[SPARK-25062][SQL] Clean up BlockLocations in InMemoryFileIndex #22603

peter-toth · 2018-10-01T19:35:48Z

What changes were proposed in this pull request?

InMemoryFileIndex contains a cache of LocatedFileStatus objects. Each LocatedFileStatus object can contain several BlockLocations or some subclass of it. Filling up this cache by listing files happens recursively either on the driver or on the executors, depending on the parallel discovery threshold (spark.sql.sources.parallelPartitionDiscovery.threshold). If the listing happens on the executors block location objects are converted to simple BlockLocation objects to ensure serialization requirements. If it happens on the driver then there is no conversion and depending on the file system a BlockLocation object can be a subclass like HdfsBlockLocation and consume more memory. This PR adds the conversion to the latter case and decreases memory consumption.

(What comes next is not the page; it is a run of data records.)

Lemma Gamma_glue (h1 h2 : R -> R) :
  bij_on `[-1, 0] `[-1, 0] h1 -> incr_on `[-1, 0] h1 ->
  bij_on `[0, 1] `[0, 1] h2 -> incr_on `[0, 1] h2 ->
  Gamma (fun x => if x <= 0 then h1 x else h2 x).
Proof.
move=> h1b h1i h2b h2i; set phi := fun x => _.
have h10 : h1 0 = 0 by apply: (incr_bij_on_right h1b h1i); lra.
have h20 : h2 0 = 0 by apply: (incr_bij_on_left h2b h2i); lra.
have inJ x : x \in `[-1, 1] -> x <= 0 -> x \in `[-1, 0].
  by rewrite !in_set_itvcc => /andP[-> _].
have inK x : x \in `[-1, 1] -> 0 <= x -> x \in `[0, 1].
  by rewrite !in_set_itvcc => /andP[_ ->] ->.
have h2_gt0 x : x \in `[0, 1] -> 0 < x -> 0 < h2 x.
  by move=> xK x0; rewrite -h20 (incr_on_lt h2i) // in_set_itvcc; lra.
have inc : incr_on `[-1, 1] phi.
  move=> x y xI yI xy; rewrite /phi; have [y0|y0] := leP y 0.
    have x0 := ltW (lt_le_trans xy y0); rewrite x0.
    by apply: h1i; rewrite ?inJ.
  have [x0|x0] := leP x 0; last by apply: h2i; rewrite ?inK ?ltW.
  have := bij_on_in h1b (inJ _ xI x0); rewrite in_set_itvcc => /andP[_ h1x].
  by apply: le_lt_trans h1x _; apply: h2_gt0; rewrite ?inK ?ltW.
split=> //; split=> [x xI||y yI].
- rewrite /phi; have [x0|x0] := leP x 0.
    by have := bij_on_in h1b (inJ _ xI x0); rewrite !in_set_itvcc; lra.
  by have := bij_on_in h2b (inK _ xI (ltW x0)); rewrite !in_set_itvcc; lra.
- exact: incr_on_inj inc.
- have [y0|y0] := leP y 0.
    have [|x xJ h1x] := bij_on_surj h1b (_ : y \in `[-1, 0]); first exact: inJ.
    move: xJ; rewrite in_set_itvcc => /andP[x1 x0].
    by exists x; rewrite /phi ?x0 // in_set_itvcc x1 (le_trans x0).
  have [|x xK h2x] := bij_on_surj h2b (_ : y \in `[0, 1]); first by rewrite inK ?ltW.
  have x0 : 0 < x.
    rewrite lt_neqAle; move: xK; rewrite in_set_itvcc => /andP[-> _]; rewrite andbT.
    by apply: contraTneq y0 => x0; rewrite -h2x -x0 h20 ltxx.
  by exists x; rewrite /phi ?leNgt ?x0 //; move: xK; rewrite !in_set_itvcc => /andP[_ ->]; rewrite andbT; lra.
Qed.

End IncreasingBijections.

Section SupportedSubspaces.
Variable R : realType.
Implicit Types (a b c d p r u v x : R) (f g : cfun R).

Definition C0on a b : set (cfun R) :=
  [set f | C0 f /\ forall x, f x != 0 -> a <= x <= b].

Lemma Nsub_C0on (th1 th2 : R -> R) t : Nsub th1 th2 t = C0on (th1 t) (th2 t).
Proof.
apply/funext => f; apply/propext; split=> -[Cf fsupp]; split=> //.
  by move=> x fx; have /fsupp : supp f x by apply: subset_closure.
rewrite [X in _ `<=` X](closure_id _).1; last exact: itv_closed.
by apply: closureS => x /= /fsupp; rewrite in_itv.
Qed.

Lemma C0on_closed a b : closed_subspace (C0on a b).
Proof.
split=> [f []//|||u g uab Cg ug].
- by split=> [|x]; [exact: C0_cst0 | rewrite eqxx].
- move=> k f g [Cf fab] [Cg gab]; split=> [|x]; first exact: C0_lin.
  have [/eqP fx0|/fab//] := boolP (f x == 0).
  by have [/eqP gx0|/gab//] := boolP (g x == 0); rewrite fx0 gx0 mulr0 addr0 eqxx.
split=> // x gx; apply: contraNT gx => xab; apply/eqP/cnorm_small_eq0 => e e0.
have [N /(_ N (leqnn N) x)] := ug e e0.
have [_ uNab] := uab N.
have -> : u N x = 0 by apply/eqP; apply: contraNT xab => /uNab.
by rewrite sub0r ltc_norm cnormN.
Qed.

Definition bump p r : cfun R := fun x => (Num.max 0 (r - `|x - p|))%:C.

Lemma bump_eq0 p r x : r <= `|x - p| -> bump p r x = 0.
Proof. by move=> rx; rewrite /bump max_l // subr_le0. Qed.

Lemma bump_neq0 p r x : bump p r x != 0 -> p - r < x < p + r.
Proof.
apply: contraNT; rewrite negb_and -!leNgt => xr; apply/eqP/bump_eq0.
by rewrite ler_normr; case/orP: xr => h; apply/orP; [right|left]; lra.
Qed.
Lemma outside_fed v : v != r -> (deg v != 1%N) || (deg (p v) != 1%N) ->
  exists2 w, ~~ ancestor v w & fed w.
Proof.
move=> Hv Hdeg.
have Hnr : ~~ ancestor v r by apply: contraNN Hv => /ancestor_of_root ->.
have [w1 Hw1 Hmax] := @arg_maxnP _ r (fun w => ~~ ancestor v w) dep Hnr.
exists w1 => //; apply/negPn/negP; rewrite negb_or => /andP[Hl /existsP Hne].
have Hw1v : w1 != v by apply: contraNneq Hw1 => ->; rewrite ancestor_refl.
have Honly i : incident i w1 ->
    ((w1 != r) && (i == par w1)) || ((p v == w1) && (i == par v)).
  case Htr: (tree_edge i); last by move=> Hi; case: Hne; exists i; rewrite Htr.
  have Hu := child_neq_root Htr.
  rewrite -(par_child Htr) incident_par // => /orP[/eqP E | /eqP E]; first by rewrite E Hu eqxx.
  case Hau: (ancestor v (child i)).
    case Huv: (child i == v); first by move/eqP: Huv E => -> ->; rewrite !eqxx orbT.
    by have := ancestor_up (negbT Huv) Hau; rewrite -E (negbTE Hw1).
  by have := Hmax _ (negbT Hau); have := dep_parent_lt Hu; rewrite -E; lia.
have Hle2 : (deg w1 <= 2)%N.
  apply: leq_trans (degree_le_incident2 Honly) _.
  have Hpv : (w1 == p v) = (p v == w1) by rewrite eq_sym.
  case Hr: (w1 != r); case Hp: (p v == w1); rewrite ?mul0n ?add0n ?mul1n ?addn0 //.
  - by rewrite !end_count_par // eqxx eq_parentF // (negbTE Hw1v) Hpv Hp.
  - by rewrite end_count_par // eqxx eq_parentF.
  - by rewrite end_count_par // (negbTE Hw1v) Hpv Hp.
have Hw1r : w1 = r -> p v = r.
  move=> Er; apply/eqP/negPn/negP => Hpr.
  have Hna : ~~ ancestor v (p v).
    by apply/negP => /ancestor_dep; have := dep_parent_lt Hv; lia.
  by have := Hmax _ Hna; rewrite Er dep_root -(dep_parent Hpr).
have Hge1 : (0 < deg w1)%N.
  case Hr: (w1 != r); first by apply: (degree_gt0 (i := par w1)); rewrite incident_par // eqxx.
  move/negbFE/eqP: Hr => Er; apply: (degree_gt0 (i := par v)).
  by rewrite incident_par // Hw1r // Er eqxx orbT.
have E1 : deg w1 = 1%N by have := @no_degree2 w1; lia.
case Hr: (w1 != r); first by move: Hl; rewrite /leaf E1 eqxx Hr.
by move/negbFE/eqP: Hr E1 Hdeg => -> /root_choice Hall; rewrite !Hall.
Qed.
Lemma turan3_add3 m : turan3 m + m * m %/ 3 + m + 1 <= turan3 (m + 3).
Proof.
(* With a + b + c = m balanced, turan3 (m + 3) - turan3 m = ab + bc + ca + m + 1, and
   m^2 - 3 (ab + bc + ca) = ((a - b)^2 + (b - c)^2 + (c - a)^2) / 2 <= 1. *)
rewrite /turan3.
have -> : (m + 3) %/ 3 = m %/ 3 + 1 by lia.
have -> : (m + 3 + 1) %/ 3 = (m + 1) %/ 3 + 1 by lia.
have -> : (m + 3 + 2) %/ 3 = (m + 2) %/ 3 + 1 by lia.
have := leq_divM (m * m) 3; have := divn3_sum m.
have : [&& m %/ 3 <= (m + 1) %/ 3, (m + 1) %/ 3 <= (m + 2) %/ 3 & (m + 2) %/ 3 <= m %/ 3 + 1].
  by apply/and3P; split; lia.
move: (m %/ 3) ((m + 1) %/ 3) ((m + 2) %/ 3) (m * m %/ 3) => a b c d.
by move=> /and3P[ab bc ca] <-; nia.
Qed.

Lemma card_bigcup_le (I T : finType) (A : {set I}) (F : I -> {set T}) :
  #|\bigcup_(i in A) F i| <= \sum_(i in A) #|F i|.
Proof.
elim/big_rec2: _ => [|i n U _ leUn]; first by rewrite cards0.
by rewrite (leq_trans (leq_card_setU _ _).1) ?leq_add2l.
Qed.

Section Cliques.
Variables (V : finType) (adj : rel V).

Definition clique (S : {set V}) : bool :=
  [forall x in S, forall y in S, (x != y) ==> adj x y].

Definition cliques (k : nat) (U : {set V}) : {set {set V}} :=
  [set S : {set V} | [&& S \subset U, #|S| == k & clique S]].

Definition nbhd (x : V) (U : {set V}) : {set V} := [set v in U | adj x v].

Lemma cliqueP (S : {set V}) :
  reflect (forall x y, x \in S -> y \in S -> x != y -> adj x y) (clique S).
Proof.
apply: (iffP forall_inP) => [cS x y xS yS xy | cS x xS].
  by move/forall_inP/(_ y yS)/implyP: (cS x xS); apply.
by apply/forall_inP => y yS; apply/implyP; apply: cS.
Qed.

Lemma clique_subset (S T : {set V}) : S \subset T -> clique T -> clique S.
Proof.
by move=> /subsetP ST /cliqueP cT; apply/cliqueP => x y /ST xT /ST yT; apply: cT.
Qed.

Lemma card_cliques_le k (U : {set V}) : #|cliques k U| <= 'C(#|U|, k).
Proof.
rewrite -cards_draws; apply/subset_leq_card/subsetP => S.
by rewrite !inE => /and3P[-> -> _].
Qed.

Lemma card_cliques_setD k (X U : {set V}) :
  X \in cliques k U -> #|U| = #|U :\: X| + k.
Proof.
by rewrite inE => /and3P[XU /eqP <- _]; rewrite -(cardsID X U) (setIidPr XU) addnC.
Qed.

Lemma clique_setU_of_setD (X S1 S2 : {set V}) : clique X -> clique S1 -> clique S2 ->
  S1 :\: X = S2 :\: X -> clique (S1 :|: S2).
Proof.
move=> /cliqueP cX /cliqueP c1 /cliqueP c2 eD.
have both v : v \in S1 :|: S2 -> v \notin X -> (v \in S1) && (v \in S2).
  move=> vS vX; have := congr1 (fun A : {set V} => v \in A) eD; rewrite !inE vX /= => e.
  by case/setUP: vS => vS; [rewrite -e vS | rewrite e vS].
apply/cliqueP => a b aS bS ab.
have [aX|/(both a aS)/andP[a1 a2]] := boolP (a \in X); last first.
  by case/setUP: bS => bS; [exact: c1 | exact: c2].
have [bX|/(both b bS)/andP[b1 b2]] := boolP (b \in X); first exact: cX.
by case/setUP: aS => aS; [exact: c1 | exact: c2].
Qed.

Hypothesis adj_sym : symmetric adj.

Lemma card_edges_setD k (X U : {set V}) : X \in cliques k U -> cliques k.+1 U = set0 ->
  #|cliques 2 U| <= #|cliques 2 (U :\: X)| + 'C(k, 2) + k.-1 * #|U :\: X|.
Proof.
move=> Xk; have := Xk; rewrite inE => /and3P[XU /eqP cardX cX] no_ext.
set U' := U :\: X.
have nbhd_lt v : v \in U' -> #|nbhd v X| < k.
  rewrite inE => /andP[vX vU]; rewrite -cardX; apply: proper_card.
  rewrite properEneq andbC; apply/andP; split.
    by apply/subsetP => x; rewrite inE => /andP[].
  apply/eqP => eX; suff : v |: X \in cliques k.+1 U by rewrite no_ext inE.
  rewrite inE subUset sub1set vU XU cardsU1 vX cardX add1n eqxx /=.
  apply/cliqueP => a b /setU1P[->|aX] /setU1P[->|bX] ab;
    first by rewrite eqxx in ab.
  - by move: bX; rewrite -eX inE => /andP[].
  - by move: aX; rewrite -eX inE adj_sym => /andP[].
  - by move/cliqueP: cX; apply.
have cover : cliques 2 U \subset
    cliques 2 U' :|: cliques 2 X :|: \bigcup_(v in U') [set [set x; v] | x in nbhd v X].
  apply/subsetP => S; rewrite inE => /and3P[SU /cards2P[a [b [ab eS]]] cS].
  have [aS bS] : a \in S /\ b \in S by rewrite eS !inE !eqxx orbT.
  have [aU bU] := (subsetP SU a aS, subsetP SU b bS).
  have [adj_ab adj_ba] : adj a b /\ adj b a.
    by move/cliqueP: cS => cS; split; apply: cS; rewrite // eq_sym.
  have [aX|aX] := boolP (a \in X); have [bX|bX] := boolP (b \in X).
  - apply/setUP; left; apply/setUP; right.
    by rewrite inE cS eS subUset !sub1set aX bX cards2 ab.
  - apply/setUP; right; apply/bigcupP; exists b; first by rewrite inE bX bU.
    by apply/imsetP; exists a; rewrite ?eS // inE aX adj_ba.
  - apply/setUP; right; apply/bigcupP; exists a; first by rewrite inE aX aU.
    by apply/imsetP; exists b; rewrite ?eS 1?setUC // inE bX adj_ab.
  - apply/setUP; left; apply/setUP; left.
    by rewrite inE cS eS subUset !sub1set !inE aX bX aU bU cards2 ab.
have card_inner : #|cliques 2 X| <= 'C(k, 2) by rewrite -cardX card_cliques_le.
have card_cross : #|\bigcup_(v in U') [set [set x; v] | x in nbhd v X]| <= k.-1 * #|U'|.
  apply: (leq_trans (card_bigcup_le _ _)).
  rewrite mulnC -sum_nat_const; apply: leq_sum => v vU'.
  by apply: (leq_trans (leq_imset_card _ _)); have := nbhd_lt v vU'; lia.
apply: (leq_trans (subset_leq_card cover)).
rewrite (leq_trans (leq_card_setU _ _).1) // leq_add //.
by rewrite (leq_trans (leq_card_setU _ _).1) // leq_add2l.
Qed.

Hypothesis K4_free : forall a b c d,
  adj a b -> adj a c -> adj a d -> adj b c -> adj b d -> adj c d -> False.

Lemma clique_card_le3 (S : {set V}) : clique S -> #|S| <= 3.
Proof.
move=> /cliqueP cS; rewrite leqNgt; apply/negP => S4.
have [x0 _] : exists x0, x0 \in S by apply/card_gt0P; apply: leq_trans S4.
pose e i := nth x0 (enum S) i.
have adj_e i j : i < 4 -> j < 4 -> i != j -> adj (e i) (e j).
  move=> i4 j4 ij; have [iS jS] : i < size (enum S) /\ j < size (enum S).
    by rewrite -cardE; split; apply: leq_trans S4.
  by apply: cS; rewrite ?nth_uniq ?enum_uniq // -mem_enum mem_nth.
exact: (K4_free (adj_e 0 1 _ _ _) (adj_e 0 2 _ _ _) (adj_e 0 3 _ _ _)
                (adj_e 1 2 _ _ _) (adj_e 1 3 _ _ _) (adj_e 2 3 _ _ _)).
Qed.

Lemma cliques4_eq0 (U : {set V}) : cliques 4 U = set0.
Proof.
apply/setP => S; rewrite !inE; apply/negbTE.
by apply/and3P => -[_ /eqP S4 /clique_card_le3]; rewrite S4.
Qed.

Lemma card_triangles_setD (X U : {set V}) : clique X ->
  #|cliques 3 U| <= #|cliques 3 (U :\: X)| + 1 + #|U :\: X| + #|cliques 2 (U :\: X)|.
Proof.
move=> cX; set U' := U :\: X.
set M := [set S in cliques 3 U | ~~ [disjoint S & X]].
have cover : cliques 3 U \subset cliques 3 U' :|: M.
  apply/subsetP => S S3; rewrite in_setU [S \in M]inE S3 /=.
  have [dSX|] := boolP [disjoint S & X]; last by rewrite orbT.
  by move: S3; rewrite /= orbF !inE /U' subsetD dSX andbT.
have M_inj : {in M &, injective (fun S => S :\: X)}.
  move=> S1 S2; rewrite !inE => /andP[/and3P[_ /eqP card1 c1] _].
  move=> /andP[/and3P[_ /eqP card2 c2] _] eD.
  have le3 := clique_card_le3 (clique_setU_of_setD cX c1 c2 eD).
  have e1 : S1 :|: S2 = S1 by apply/eqP; rewrite eq_sym eqEcard subsetUl card1.
  have e2 : S2 :|: S1 = S2 by apply/eqP; rewrite eq_sym eqEcard subsetUl card2 setUC.
  by rewrite -[LHS]e1 -[RHS]e2 setUC.
have M_img : [set S :\: X | S in M] \subset cliques 0 U' :|: cliques 1 U' :|: cliques 2 U'.
  apply/subsetP => Y /imsetP[S SM ->]; move: SM.
  rewrite !inE => /andP[/and3P[SU /eqP S3 cS] SX].
  have meet : 0 < #|S :&: X| by rewrite card_gt0 setI_eq0.
  have := cardsID X S; rewrite S3 setSD // (clique_subset (subsetDl S X) cS).
  by rewrite !andbT; lia.
have card_small : #|cliques 0 U' :|: cliques 1 U' :|: cliques 2 U'|
    <= 1 + #|U'| + #|cliques 2 U'|.
  have c0 := card_cliques_le 0 U'; have c1 := card_cliques_le 1 U'.
  rewrite bin0 in c0; rewrite bin1 in c1.
  rewrite (leq_trans (leq_card_setU _ _).1) // leq_add2r.
  by rewrite (leq_trans (leq_card_setU _ _).1) // leq_add.
apply: (leq_trans (subset_leq_card cover)).
rewrite (leq_trans (leq_card_setU _ _).1) // -!addnA leq_add2l !addnA.
by rewrite -(card_in_imset M_inj) (leq_trans (subset_leq_card M_img)).
Qed.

How was this patch tested?

Added unit test.

mgaido91

cc @cloud-fan @gatorsmile @HyukjinKwon

mgaido91 · 2018-10-02T09:09:48Z

sql/core/src/main/scala/org/apache/spark/sql/execution/datasources/InMemoryFileIndex.scala

@@ -315,7 +315,12 @@ object InMemoryFileIndex extends Logging {
        // which is very slow on some file system (RawLocalFileSystem, which is launch a
        // subprocess and parse the stdout).
        try {
-          val locations = fs.getFileBlockLocations(f, 0, f.getLen)
+          val locations = fs.getFileBlockLocations(f, 0, f.getLen).map(
+            loc => if (loc.getClass == classOf[BlockLocation]) {


lo.isInstanceOf[BlockLocation]? Or even better, what about using pattern matching?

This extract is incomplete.